Figure 19-8 Retinoblastoma, clinical appearance. Pseudohypopyon resulting from migration of tumor cells into the anterior chamber (masquerade syndrome).
In the United States, patients rarely present with metastases or intracranial extension at the time of diagnosis. The most frequently identified sites of metastatic involvement in children with retinoblastoma include skull bones, distal bones, brain, spinal cord, lymph nodes, and abdominal viscera. Retinoblastoma cells may escape the eye by invading the optic nerve and extending into the subarachnoid space. In addition, tumor cells may massively invade the choroid before traversing emissary canals or eroding through the sclera to enter the orbit. Extraocular extension may result in proptosis as the tumor grows in the orbit (Fig 19-9). In the anterior chamber, tumor cells may invade the trabecular meshwork, gaining access to the conjunctival lymphatics. The patient may subsequently develop palpable preauricular and cervical lymph nodes.
Differential Diagnosis
A number of lesions simulate retinoblastoma (Table 19-3). Most of these conditions can be differentiated from retinoblastoma on the basis of a comprehensive history, clinical examination, and appropriate ancillary diagnostic testing.
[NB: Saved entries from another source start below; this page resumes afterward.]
Lemma hyperplane_step : exists (H' : {vspace 'rV[F]_n}) (W1 : {vspace 'M[F]_n}),
  [/\ (\dim H').+1 = \dim U, (W1 <= W)%VS,
      (forall u y, u \in W1 -> y \in H' -> y *m u \in H') &
      (\dim W + \dim (W1 :&: annv H') <= \dim W1 + \dim H' + \dim (W :&: annv U))%N].
Proof.
(* Ly v is the coordinate vector of x0 v in the basis of H. *)
have [R HR] := vbasis_mx_rinv H.
pose Ly := linfun (mulmxr R \o mulmx x0).
pose W1 := (W :&: lker Lz)%VS; pose W2 := (W1 :&: annv H)%VS.
have stabW1 u y : u \in W1 -> y \in U -> y *m u \in H.
  by rewrite memv_cap => /andP[uW /lker_LzP uH]; apply: hyperplane_stab.
exists H, W1; split; [exact: dim_hyperplane | exact: capvSl | | ].
  by move=> u y uW1; rewrite mem_hyperplane => /andP[yU _]; apply: stabW1.
have W2P v : v \in W2 -> [/\ v \in W, v \in W1 & v \in annv H].
  by rewrite /W2 memv_cap => /andP[vW1 vH]; split => //; move: vW1; rewrite /W1 memv_cap => /andP[].
have ker_Ly : (W2 :&: lker Ly <= W :&: annv U)%VS.
  apply/subvP => v; rewrite memv_cap memv_ker lfunE /= => /andP[/W2P[vW vW1 vH] /eqP x0vR].
  have x0v0 : x0 *m v = 0 by rewrite -(vbasis_mx_rinvK HR (stabW1 v x0 vW1 x0U)) x0vR mul0mx.
  by rewrite memv_cap vW; apply/annvP => y yU; rewrite annv_hyperplane_mul // x0v0 scaler0.
have orth : (\dim (Ly @: W2) + \dim (Lz @: W) <= \dim H)%N.
  apply: (dimv_orth_le (unitmx1 _ _)) => _ _ /memv_imgP[v /W2P[vW vW1 vH] ->] /memv_imgP[u uW ->].
  rewrite /bform mulmx1 !lfunE /= trmxK mulmxA (vbasis_mx_rinvK HR) ?stabW1 //.
  by rewrite mulmx_col_mxE annv_hyperplane_orth.
have dW : (\dim W1 + \dim (Lz @: W) = \dim W)%N := limg_ker_dim Lz W.
have dW2 : (\dim (W2 :&: lker Ly) + \dim (Ly @: W2) = \dim W2)%N := limg_ker_dim Ly W2.
by move: orth dW dW2 (dimvS ker_Ly); rewrite -/W1 -/W2; lia.
Qed.

End HyperplaneStep.

Lemma vspace_neq0_coord1 U : U != 0%VS -> exists x0 (j : 'I_n), x0 \in U /\ x0 0 j = 1.
Proof.
move=> U0; have y0 : vpick U != 0 by rewrite vpick0.
have [j yj] : exists j, vpick U 0 j != 0.
  apply/existsP; apply: contraR y0 => /existsPn yj; apply/eqP/rowP => j.
  by rewrite mxE; apply/eqP/negbNE.
by exists ((vpick U 0 j)^-1 *: vpick U), j; rewrite memvZ ?memv_pick // mxE mulVf.
Qed.

Lemma dim_nil_stab_le U W :
  (forall u, u \in W -> mx_nilpotent u) -> (forall u y, u \in W -> y \in U -> y *m u \in U) ->
  (\dim W <= 'C(\dim U, 2) + \dim (W :&: annv U))%N.
Proof.
move dimU : (\dim U) => d; elim: d U W dimU => [|d IHd] U W dimU nilW stabW.
  rewrite bin0n add0n dimvS // subv_cap subvv; apply/subvP => u _; apply/annvP => y.
  by move: dimU => /eqP; rewrite dimv_eq0 => /eqP ->; rewrite memv0 => /eqP ->; rewrite mul0mx.
have [|x0 [j [x0U x0j]]] := @vspace_neq0_coord1 U; first by rewrite -dimv_eq0 dimU.
have [H [W1 [dimH sW1 stabW1 dimW]]] := hyperplane_step nilW stabW x0U x0j.
have /IHd : \dim H = d by apply: succn_inj; rewrite dimH.
move=> /(_ W1 (fun u uW1 => nilW u (subvP sW1 u uW1)) stabW1).
by move: dimW dimH dimU; rewrite binS bin1; lia.
Qed.

End NilpotentStabilizer.

Section SymmetricMatrices.
Variable F : fieldType.

Lemma sym_mx_eq0 m (S : 'M[F]_(1 + m)) : S^T = S ->
  ulsubmx S = 0 -> ursubmx S = 0 -> drsubmx S = 0 -> S = 0.
Proof.
move=> symS ul0 ur0 dr0.
by rewrite -[S]submxK ul0 ur0 dr0 -[dlsubmx S]trmxK trmx_dlsub symS ur0 trmx0 block_mx0.
Qed.

Lemma usubmx_is_linear m n : linear (@usubmx F 1 m n).
Proof. by move=> a A B; apply/matrixP => i k; rewrite !mxE. Qed.

Lemma ursubmx_is_linear m : linear (@ursubmx F 1 m 1 m).
Proof. by move=> a A B; apply/matrixP => i k; rewrite !mxE. Qed.

Lemma drsubmx_is_linear m : linear (@drsubmx F 1 m 1 m).
Proof. by move=> a A B; apply/matrixP => i k; rewrite !mxE. Qed.

Lemma dim_sym_mx_le m (Z : {vspace 'M[F]_m}) :
  (forall S, S \in Z -> S^T = S) -> (\dim Z <= 'C(m.+1, 2))%N.
Proof.
elim: m Z => [|m IHm] Z symZ; first by rewrite (leq_trans (dimv_mx_le Z)).
have [f1 f1E] := hom_of_linear (@usubmx_is_linear m (1 + m)).
have [f2 f2E] := hom_of_linear (@drsubmx_is_linear m).
have ker0 : ((Z :&: lker f1) :&: lker f2 = 0)%VS.
  apply/vspaceP => S; rewrite !memv_cap !memv_ker f1E f2E memv0.
  apply/idP/idP => [/andP[/andP[/symZ symS /eqP u0] /eqP dr0] | /eqP->]; last first.
    by rewrite mem0v -f1E -f2E !linear0 !eqxx.
  by apply/eqP/sym_mx_eq0; rewrite // /ulsubmx /ursubmx u0 linear0.
have symZ2 S : S \in (f2 @: (Z :&: lker f1))%VS -> S^T = S.
  by case/memv_imgP=> S'; rewrite memv_cap => /andP[/symZ symS' _] ->; rewrite f2E trmx_drsub symS'.
rewrite -(limg_ker_dim f1) -(limg_dim_eq ker0) binS bin1 leq_add ?IHm //.
by rewrite (leq_trans (dimv_mx_le _)) ?mul1n.
Qed.

Lemma dim_alt_mx_le m (Z : {vspace 'M[F]_m}) :
  (forall S, S \in Z -> S^T = S /\ forall i, S i i = 0) -> (\dim Z <= 'C(m, 2))%N.
Proof.
elim: m Z => [|m IHm] Z altZ; first by rewrite (leq_trans (dimv_mx_le Z)).
have [f1 f1E] := hom_of_linear (@ursubmx_is_linear m).
have [f2 f2E] := hom_of_linear (@drsubmx_is_linear m).
have ker0 : ((Z :&: lker f1) :&: lker f2 = 0)%VS.
  apply/vspaceP => S; rewrite !memv_cap !memv_ker f1E f2E memv0.
  apply/idP/idP => [/andP[/andP[/altZ[symS diagS] /eqP ur0] /eqP dr0] | /eqP->]; last first.
    by rewrite mem0v -f1E -f2E !linear0 !eqxx.
  apply/eqP/sym_mx_eq0 => //; apply/matrixP => i k.
  by rewrite !ord1 !mxE diagS.
have altZ2 S : S \in (f2 @: (Z :&: lker f1))%VS -> S^T = S /\ forall i, S i i = 0.
  case/memv_imgP=> S'; rewrite memv_cap => /andP[/altZ[symS' diagS'] _] ->.
  by rewrite f2E trmx_drsub symS'; split=> // i; rewrite !mxE diagS'.
rewrite -(limg_ker_dim f1) -(limg_dim_eq ker0) binS bin1 leq_add ?IHm //.
by rewrite (leq_trans (dimv_mx_le _)) ?mul1n.
Qed.

End SymmetricMatrices.

Lemma sym_bound_arith nu n : (nu + nu <= n)%N ->
  ('C(nu, 2) + (n - nu - nu) * nu + 'C(nu.+1, 2))%N = (nu * (n - nu))%N.
Proof.
move=> le_n; have := mul_bin_diag nu 1; rewrite bin1 binS bin1.
by case: nu le_n => [|k] /=; nia.
Qed.

Lemma alt_bound_arith nu n : (nu + nu <= n)%N ->
  ('C(nu, 2) + (n - nu - nu) * nu + 'C(nu, 2))%N = (nu * (n - nu - 1))%N.
Proof.
move=> le_n; have := mul_bin_diag nu 1; rewrite bin1.
by case: nu le_n => [|k] /=; nia.
Qed.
Persistent fetal vasculature
Persistent fetal vasculature (PFV), previously known as persistent hyperplastic primary vitreous (PHPV), is typically recognized within days or weeks of birth. The condition is unilateral in twothirds of cases and is associated with microphthalmos, a shallow or flat anterior chamber, a
hypoplastic iris with prominent vessels, and a retrolenticular fibrovascular mass that draws the ciliary body processes inward. On indirect ophthalmoscopy, a vascular stalk may be seen arising from the optic nerve head and attaching to the posterior lens capsule. Ultrasonography confirms the diagnosis by showing persistent hyaloid remnants arising from the optic nerve head, usually in association with a closed funnel retinal detachment. No retinal tumor is seen, and the axial length of the eye is shortened. Calcification may be present. PFV may be managed with combined lensectomy and vitrectomy approaches in selected cases. See also Chapter 10 in this volume and BCSC Section 6,
Pediatric Ophthalmology and Strabismus.
Figure 19-9 Retinoblastoma, clinical appearance. Proptosis caused by retinoblastoma with orbital invasion.
Table 19-3
Coats disease
Coats disease is clinically evident within the first decade of life and is more common in boys. The lesion is typically characterized by unilateral retinal telangiectasia associated with intraretinal yellow
exudation without a distinct mass (Fig 19-10). The progressive leakage of fluid may lead to an extensive retinal detachment and neovascular glaucoma. Ultrasonography documents the absence of a retinal tumor and shows the convection of cholesterol in the subretinal fluid. Fluorescein angiography shows classic telangiectatic vessels. Laser photocoagulation or cryoablation of the vascular anomalies eliminates the exudative component of the disease and may restore visual function. Subretinal fluid may be drained to facilitate these procedures. Serial evaluation and followup is critical for these patients.
Ocular toxocariasis
Ocular toxocariasis typically occurs in older children with a history of soil ingestion or exposure to puppies. Toxocariasis presents with posterior and peripheral granulomas, with an associated uveitis. Exudative retinal detachment, organized vitreoretinal traction, and cataracts may be present. Ultrasonography shows the vitritis, retinal detachment, granulomas, retinal traction, and the absence of calcium. See BCSC Section 9, Intraocular Inflammation and Uveitis, for additional discussion.
Astrocytoma
Retinal astrocytoma, or astrocytic hamartoma, generally appears as a small, smooth, white, glistening tumor located in the nerve fiber layer of the retina (Fig 19-11). It may be single or multiple, unilateral or bilateral. In some cases, it may become larger and calcified, typically having a mulberry appearance. Astrocytomas occasionally arise from the optic disc; such tumors are often referred to as giant drusen. Astrocytomas of the retina commonly occur in patients with tuberous sclerosis and may also be seen in patients with neurofibromatosis. Most retinal astrocytomas are not associated with a phakomatosis.
Figure 19-10 Coats disease. A, Clinical appearance of characteristic lightbulb aneurysms (arrowheads) observed in Coats disease. Note the associated exudative retinal detachment with subretinal exudate (asterisk). B, Fluorescein angiogram showing classic telangiectatic vessels (arrowhead). C, B-scan in Coats disease shows retinal detachment (arrows). D, In contrast, B-scan in retinoblastoma shows total retinal detachment (arrowhead) and a large tumor mass (asterisk). (Parts A and
B courtesy of Matthew W. Wilson, MD.)
Figure 19-11 Retinal astrocytic hamartomas, clinical appearance. Note the more subtle opalescent lesion (between arrows) superonasal to the optic disc and the larger “mulberry” lesion inferonasal to the disc.